Graphs process

  • The Map operation
  1. Map When the MapTask is executed, the input data is from the HDFS Block. For example, if there are three files in a directory with the size of 5M, 10M, 150M, four Mapper files will be generated to process 5M, 10M, 128M, and 22M data respectively.
  2. After Partition is run by Mapper, MapReduce provides Partitioner interface, whose function is to determine which ReduceTask the current pair of output data should be processed according to the Key or Value and the number of Reduce. By default, the number of reduce tasks is modeled after the key is hashed. The default mode is used only to avoid data skew. Next, you need to write the data to a memory buffer. The buffer is used to collect Map results in batches to reduce disk I/O impact.

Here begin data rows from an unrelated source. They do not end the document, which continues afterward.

(* Grade the standard tensor basis of V by the number of y-factors.  Then
   A = diag(theta_i) + R and A* = diag(theta*_i) + L, where R raises and L
   lowers the grade by one.  The heart of the proof is an abstract "sandwich"
   theorem: if N = diag(t_N) + L with L lowering and the grade-0 space is the
   line through w, then E = prod_{j=1..d} (N - t_j)/(t_0 - t_j) is a rank-one
   matrix w f (its image lies in grade 0), and for A = diag(t_A) + R with R
   raising and LRw = z w one gets E A E = (t_A(0) + z/(t_N(0) - t_N(1))) E.
   Part (i) is the sandwich for E*_0 on the bottom vector x(x)...(x)x.  Part (ii)
   is the same theorem for E_d, read in the reversed grading, on y(x)...(x)y,
   with RL acting by a scalar zy there.  An explicit recursion over the tensor
   factors computes both zeta_1 = zx and zy; their difference is expressed in
   the theta's using uv* and vu*, which turns the sandwich value into the
   formula of the paper. *)


Section LagrangeProduct.
Variables (F : fieldType) (n : nat) (M : 'M[F]_n) (t : nat -> F) (i : nat).

Definition lprod (l : seq nat) : 'M[F]_n :=
  foldr (fun j P => (t i - t j)^-1 *: ((M - (t j)%:M) *m P)) 1%:M l.

Lemma lprod_comm l : M *m lprod l = lprod l *m M.
Proof.
have factor_comm (a : F) : M *m (M - a%:M) = (M - a%:M) *m M.
  by rewrite mulmxBr mulmxBl scalar_mxC.
elim: l => [|j l IH] /=; first by rewrite mulmx1 mul1mx.
by rewrite -scalemxAr -scalemxAl mulmxA factor_comm -!mulmxA IH.
Qed.

Lemma lprod_rev l : lprod (rev l) = lprod l.
Proof.
have lprod_rcons l' j :
    lprod (rcons l' j) = lprod l' *m ((t i - t j)^-1 *: (M - (t j)%:M)).
  elim: l' => [|j' l' IH] /=; first by rewrite mulmx1 mul1mx.
  by rewrite IH -scalemxAl mulmxA.
elim: l => [|j l IH] //=.
rewrite rev_cons lprod_rcons IH -scalemxAr; congr (_ *: _).
by rewrite mulmxBr mulmxBl -lprod_comm scalar_mxC.
Qed.

Lemma lprod_fix (w : 'cV[F]_n) l : M *m w = t i *: w ->
  {in l, forall j, t i != t j} -> lprod l *m w = w.
Proof.
move=> Mw; elim: l => [|j l IH] l_ok /=; first by rewrite mul1mx.
rewrite -scalemxAl -mulmxA IH => [|j' j'_l]; last by apply: l_ok; rewrite inE j'_l orbT.
rewrite mulmxBl Mw mul_scalar_mx -scalerBl scalerA mulVf ?scale1r //.
by rewrite subr_eq0 l_ok // inE eqxx.
Qed.

End LagrangeProduct.

Lemma lprod_map (F : fieldType) n (M : 'M[F]_n) t i i' (f : nat -> nat) l :
  t (f i') = t i -> lprod M t i (map f l) = lprod M (t \o f) i' l.
Proof. by move=> ti; elim: l => [|j l IH] //=; rewrite IH ti. Qed.

Lemma Eidem_first (F : fieldType) n (M : 'M[F]_n) t d :
  Eidem M t d 0 = lprod M t 0 (iota 1 d).
Proof.
rewrite /Eidem /=; congr foldr; apply/all_filterP/allP => j.
by rewrite mem_iota => /andP [j_gt0 _]; rewrite -lt0n.
Qed.

Lemma Eidem_last (F : fieldType) n (M : 'M[F]_n) t d :
  Eidem M t d d = lprod M (fun j => t (d - j)%N) 0 (iota 1 d).
Proof.
rewrite /Eidem.
have -> : [seq j <- iota 0 d.+1 | j != d] = rev (map (fun j => d - j)%N (iota 1 d)).
  rewrite -addn1 iotaD filter_cat /= add0n eqxx cats0.
  rewrite (all_filterP _); last by apply/allP => j; rewrite mem_iota add0n neq_ltn => /andP [_ ->].
  apply: (@eq_from_nth _ 0%N); first by rewrite size_rev size_map !size_iota.
  move=> j; rewrite size_iota => j_lt.
  rewrite nth_rev size_map size_iota // (nth_map 0%N) ?size_iota ?nth_iota //; lia.
rewrite -/(lprod M t d _) lprod_rev (@lprod_map _ _ M t d 0%N) //.
by rewrite subn0.
Qed.

Section Grading.
Variables (F : fieldType) (n : nat) (gr : 'I_n -> nat).

Definition lowering (L : 'M[F]_n) := forall k l, L k l != 0 -> gr l = (gr k).+1.
Definition raising (R : 'M[F]_n) := forall k l, R k l != 0 -> gr k = (gr l).+1.
Definition gdiag (t : nat -> F) : 'M[F]_n := diag_mx (\row_k t (gr k)).

Lemma gdiagE t k l : gdiag t k l = t (gr k) *+ (k == l).
Proof. by rewrite !mxE. Qed.

Lemma eq_gdiag t1 t2 : (forall i, t1 i = t2 i) -> gdiag t1 = gdiag t2.
Proof. by move=> t12; apply/matrixP => k l; rewrite !gdiagE t12. Qed.

Lemma gdiag_const a : a%:M = gdiag (fun=> a).
Proof. by apply/matrixP => k l; rewrite gdiagE mxE. Qed.

Lemma gdiagD t1 t2 : gdiag t1 + gdiag t2 = gdiag (fun i => t1 i + t2 i).
Proof. by apply/matrixP => k l; rewrite mxE !gdiagE mulrnDl. Qed.

Lemma gdiagZ a t : a *: gdiag t = gdiag (fun i => a * t i).
Proof. by apply/matrixP => k l; rewrite mxE !gdiagE mulrnAr. Qed.

Lemma gdiag_homog g t p (X : 'M[F]_(n, p)) :
  (forall k j, X k j != 0 -> gr k = g) -> gdiag t *m X = t g *: X.
Proof.
move=> homX; apply/matrixP => k j; rewrite mul_diag_mx !mxE.
by case: (eqVneq (X k j) 0) => [->|/homX ->]; rewrite ?mulr0.
Qed.

Section Support.
Variables (d : nat) (N L : 'M[F]_n) (tN : nat -> F).
Hypotheses (gr_le : forall k, (gr k <= d)%N) (L_low : lowering L) (NE : N = gdiag tN + L).

Lemma factor_kills m p (X : 'M[F]_(n, p)) :
  (forall k j, (m < gr k)%N -> X k j = 0) ->
  forall k j, (m <= gr k)%N -> ((N - (tN m)%:M) *m X) k j = 0.
Proof.
move=> Xsupp k j m_le.
have LX0 : (L *m X) k j = 0.
  rewrite mxE big1 // => l _; case: (eqVneq (L k l) 0) => [->|/L_low Lkl]; first by rewrite mul0r.
  by rewrite Xsupp ?mulr0 // Lkl ltnS.
rewrite NE mulmxBl mulmxDl mul_scalar_mx mul_diag_mx 2!mxE [(L *m X) k j]LX0 !mxE.
rewrite addr0 -mulrBl.
case: (ltngtP m (gr k)) m_le => [m_lt|//|<-] _; first by rewrite Xsupp ?mulr0.
by rewrite subrr mul0r.
Qed.

Lemma lprod_support k j : (0 < gr k)%N -> lprod N tN 0 (iota 1 d) k j = 0.
Proof.
suff supp e m : (m + e = d)%N -> forall k j, (m < gr k)%N -> lprod N tN 0 (iota m.+1 e) k j = 0.
  by apply: supp; rewrite add0n.
elim: e m => [|e IH] m me {}k {}j m_lt /=.
  by move: (gr_le k); rewrite -me addn0 leqNgt m_lt.
by rewrite mxE (factor_kills (IH _ _)) ?mulr0 // addSnnS.
Qed.

End Support.

Section Vertex.
Variable k0 : 'I_n.
Hypothesis grade0 : forall k, (gr k == 0%N) = (k == k0).
Local Notation w := (delta_mx k0 0 : 'cV[F]_n).

Lemma gr_k0 : gr k0 = 0%N.
Proof. by apply/eqP; rewrite grade0. Qed.

Lemma mul_delta_entry m (X : 'M[F]_(m, n)) i : (X *m w) i 0 = X i k0.
Proof. by rewrite -colE mxE. Qed.

Lemma delta_homog : forall k j, w k j != 0 -> gr k = 0%N.
Proof.
move=> k j; rewrite mxE; case: (eqVneq k k0) => [-> _|_]; first exact: gr_k0.
by rewrite eqxx.
Qed.

Lemma low_delta L : lowering L -> L *m w = 0.
Proof.
move=> L_low; apply/matrixP => k j; rewrite (ord1 j) mul_delta_entry mxE.
by case: (eqVneq (L k k0) 0) => // /L_low; rewrite gr_k0.
Qed.

Lemma raise_delta_homog R : raising R -> forall k j, (R *m w) k j != 0 -> gr k = 1%N.
Proof. by move=> R_raise k j; rewrite (ord1 j) mul_delta_entry => /R_raise ->; rewrite gr_k0. Qed.

Lemma delta_mul_inj p (X Y : 'rV[F]_p) : w *m X = w *m Y -> X = Y.
Proof.
have row_k0 (Z : 'rV[F]_p) : row k0 (w *m Z) = Z.
  by apply/rowP => j; rewrite !mxE big_ord1 !mxE !eqxx mul1r.
by move=> wXY; rewrite -(row_k0 X) wXY row_k0.
Qed.

Lemma rank_one (E : 'M[F]_n) :
  (forall k j, (0 < gr k)%N -> E k j = 0) -> E = w *m row k0 E.
Proof.
move=> Esupp; apply/matrixP => k j; rewrite mxE big_ord1 !mxE eqxx andbT.
case: (eqVneq k k0) => [->|k_neq]; first by rewrite mul1r.
by rewrite mul0r Esupp // lt0n grade0.
Qed.

Theorem sandwich d (N L A R : 'M[F]_n) tN tA z :
  (forall k, (gr k <= d)%N) -> (0 < d)%N ->
  lowering L -> N = gdiag tN + L -> raising R -> A = gdiag tA + R ->
  (forall j, (0 < j <= d)%N -> tN 0%N != tN j) -> L *m R *m w = z *: w ->
  let E := lprod N tN 0 (iota 1 d) in
  E *m A *m E = (tA 0%N + z / (tN 0%N - tN 1%N)) *: E.
Proof.
move=> gr_le d_gt0 L_low NE R_raise AE tN_inj LRw E; set f := row k0 E.
have Ew : E = w *m f by apply: rank_one => k j; exact: (lprod_support gr_le L_low NE).
have Nw : N *m w = tN 0%N *: w.
  by rewrite NE mulmxDl (low_delta L_low) addr0 (gdiag_homog _ delta_homog).
have fw : f *m w = 1%:M.
  apply: delta_mul_inj; rewrite mulmxA -Ew mulmx1; apply: lprod_fix => // j.
  by rewrite mem_iota => /andP [j_gt0 j_le]; rewrite tN_inj // j_gt0 -ltnS -(add1n d).
have fN : f *m N = tN 0%N *: f.
  have EN : E *m N = N *m E by rewrite /E lprod_comm.
  apply: delta_mul_inj; rewrite mulmxA -Ew EN Ew mulmxA Nw.
  by rewrite -scalemxAl scalemxAr.
have NRw : N *m (R *m w) = tN 1%N *: (R *m w) + z *: w.
  by rewrite NE mulmxDl [L *m _]mulmxA LRw (gdiag_homog _ (raise_delta_homog R_raise)) addrC.
pose x := (f *m (R *m w)) 0 0.
have x_eq : x = z / (tN 0%N - tN 1%N).
  have := congr1 (fun Y : 'M[F]_1 => Y 0 0) (congr1 (mulmx f) NRw).
  rewrite mulmxA fN -scalemxAl mulmxDr -!scalemxAr fw.
  rewrite (mx11_scalar (f *m (R *m w))) -/x !mxE /= !mulr1n mulr1 => x_rel.
  have t01 : tN 0%N - tN 1%N != 0 by rewrite subr_eq0 tN_inj.
  by apply: (mulIf t01); rewrite mulfVK // mulrC mulrBl x_rel addrAC subrr add0r.
have fAw : f *m (A *m w) = (tA 0%N + x)%:M.
  rewrite AE mulmxDl mulmxDr (gdiag_homog _ delta_homog) -scalemxAr fw.
  by rewrite (mx11_scalar (f *m (R *m w))) -/x scalemx1 raddfD.
rewrite Ew; have -> : w *m f *m A *m (w *m f) = w *m (f *m (A *m w)) *m f by rewrite !mulmxA.
by rewrite fAw mul_mx_scalar -x_eq scalemxAl.
Qed.

End Vertex.
End Grading.

Section Flip.
Variables (F : fieldType) (n d : nat) (gr : 'I_n -> nat).
Hypothesis gr_le : forall k, (gr k <= d)%N.
Local Notation cogr := (fun k => d - gr k)%N.

Lemma lowering_flip (M : 'M[F]_n) : raising gr M -> lowering cogr M.
Proof. by move=> M_raise k l /M_raise gr_kl; move: (gr_le k); rewrite gr_kl; lia. Qed.

Lemma raising_flip (M : 'M[F]_n) : lowering gr M -> raising cogr M.
Proof. by move=> M_low k l /M_low gr_lk; move: (gr_le l); rewrite gr_lk; lia. Qed.

Lemma gdiag_flip (t : nat -> F) : gdiag gr t = gdiag cogr (fun i => t (d - i)%N).
Proof. by apply/matrixP => k l; rewrite !gdiagE subKn. Qed.

End Flip.

(* The module V(alpha_1) (x) ... (x) V(alpha_d): deg counts the y-factors of a
   basis vector; bottom is x(x)...(x)x and top is y(x)...(x)y. *)
Section Tensor.
Variables (F : fieldType) (q : F).
Hypothesis q_neq0 : q != 0.

Fixpoint deg (s : seq F) : 'I_(dimV s) -> nat :=
  match s return 'I_(dimV s) -> nat with
  | [::] => fun _ => 0%N
  | _ :: s' => fun k => match split k with inl k' => deg k' | inr k' => (deg k').+1 end
  end.
Arguments deg : clear implicits.

Fixpoint bottom (s : seq F) : 'I_(dimV s) :=
  match s return 'I_(dimV s) with [::] => ord0 | _ :: s' => lshift _ (bottom s') end.

Fixpoint top (s : seq F) : 'I_(dimV s) :=
  match s return 'I_(dimV s) with [::] => ord0 | _ :: s' => rshift _ (top s') end.

Definition yvec (s : seq F) : 'cV[F]_(dimV s) := delta_mx (top s) 0.

Lemma deg_lshift al s k : deg (al :: s) (lshift _ k) = deg s k.
Proof. by rewrite /= (unsplitK (inl k)). Qed.

Lemma deg_rshift al s k : deg (al :: s) (rshift _ k) = (deg s k).+1.
Proof. by rewrite /= (unsplitK (inr k)). Qed.

Arguments deg : simpl never.
Arguments dimV : simpl never.

Lemma deg_le s k : (deg s k <= size s)%N.
Proof.
elim: s k => [|al s IH] k //; rewrite -(splitK k); case: (split k) => k' /=.
  by rewrite deg_lshift ltnW // ltnS IH.
by rewrite deg_rshift ltnS IH.
Qed.

Lemma deg_bottom s k : (deg s k == 0%N) = (k == bottom s).
Proof.
elim: s k => [|al s IH] k; first by rewrite (ord1 k).
rewrite -(splitK k); case: (split k) => k' /=.
  by rewrite deg_lshift IH eq_lshift.
by rewrite deg_rshift eq_rlshift.
Qed.

Lemma deg_top s k : ((size s - deg s k)%N == 0%N) = (k == top s).
Proof.
rewrite subn_eq0; elim: s k => [|al s IH] k; first by rewrite (ord1 k).
rewrite -(splitK k); case: (split k) => k' /=.
  by rewrite deg_lshift eq_lrshift ltnNge deg_le.
by rewrite deg_rshift ltnS IH eq_rshift.
Qed.

Lemma xvec_delta s : xvec s = delta_mx (bottom s) 0.
Proof.
elim: s => [|al s IH] /=; last by rewrite IH delta_mx_ushift.
by apply/matrixP => i j; rewrite (ord1 i) (ord1 j) !mxE.
Qed.

Lemma yvec_cons al s : yvec (al :: s) = col_mx 0 (yvec s).
Proof. exact: delta_mx_dshift. Qed.

Lemma gdiag_cons al s (t : nat -> F) : gdiag (deg (al :: s)) t =
  block_mx (gdiag (deg s) t) 0 0 (gdiag (deg s) (fun i => t i.+1)).
Proof.
apply/matrixP => k l; rewrite -(splitK k) -(splitK l).
case: (split k) => k'; case: (split l) => l' /=; rewrite gdiagE ?deg_lshift ?deg_rshift.
- by rewrite block_mxEul eq_lshift gdiagE.
- by rewrite block_mxEur eq_lrshift mxE.
- by rewrite block_mxEdl eq_rlshift mxE.
- by rewrite block_mxEdr eq_rshift gdiagE.
Qed.

Lemma gdiag_xvec s (t : nat -> F) : gdiag (deg s) t *m xvec s = t 0%N *: xvec s.
Proof. by rewrite xvec_delta (gdiag_homog _ (delta_homog (@deg_bottom s))). Qed.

  3. Splil: Spill this important process is performed by the Spill thread. The Spill thread starts to work as soon as it receives the “command” from the Map task, which is called SortAndSpill. The Map output is processed by the Collector, and each Map task continuously outputs key-value pairs to a circular data structure, Kvbuffer, constructed in memory, with a default size of 100M. The size of the memory buffer is limited and the default is 100MB. Through graphs. Task. IO. Sort. MB (default: 100) parameters to adjust. You can adjust it according to the hardware, especially the memory size. If you increase the memory size, the number of disk spill times will be reduced. If the memory size is sufficient, the performance will be significantly improved. Spill usually starts to spill at 80% of the Buffer size (because other threads may be writing data to the Buffer while it is spill). By graphs. The map. Sort. Spill. Percent (default: 0.80).
  4. Combine(optional): When Combiner exists, map results are combined according to the functions defined by Combiner. When does Combiner operate? And Map in a JVM, is determined by the parameters of the min.num.spill.for.com bine, the default is 3, that is, the number of files by default spill to be performed when there are three combine operation, reduce disk data finally
  5. Merge: A Map Task generates many spill files during calculation. These spill files are merged before the Map Task ends. This process is called Merge. Graphs. Task. IO. Sort. Factor (default: 10), representatives of the merge of most at the same time, the merge of spill, if there are 100 spill a file, this is not a complete the merge process, this time need large graphs. Task. IO. Sort. Factor (default: 10) to reduce the number of merge operations, thereby reducing disk operations.
  6. Compress(Optional): Reduces disk I/O and network I/O. You can also perform the following operations: Compress. You can Compress spill and merge files. Intermediate result is very big, IO bottleneck when compression is very useful, can press through mapreduce.map.output.com (default: If the value is set to true, data will be compressed and written to disks. Data read is compressed and needs to be decompressed. In actual experience, the bottleneck of Hive running in Hadoop is USUALLY I/O, not CPU. Lzo, BZip2 Lzma etc., including Lzo is a more balanced choice, the mapreduce.map.output.com codec (default: Org.apache.hadoop.io.com press. DefaultCodec) parameter Settings. However, this process consumes CPU and is suitable for large I/O bottlenecks.
  • Reduce the operating
  1. The Copy process. Simply pull the data. The Reduce process starts some data copy threads (Fetcher) and requests the NodeManager where MapTask resides to obtain the output file of MapTask through HTTP. Since MapTask has long since ended, these files are managed by NodeManager.
  2. The Merge phase. The Merge action on the Map end stores data copied from different Map ends in the array. The copied data is stored in the memory buffer first. When the amount of data in the memory reaches a certain threshold, the Merge function is enabled. Similar to the Map side, this is also the write overflow process. A large number of write overflow files are generated on the disk, and these files are merged.
  3. Output file from the Reducer. After constantly merging, a “final file” is generated. This file can be stored on disk or in memory, which is the default. The Shuffle process ends only when the input files have been scheduled.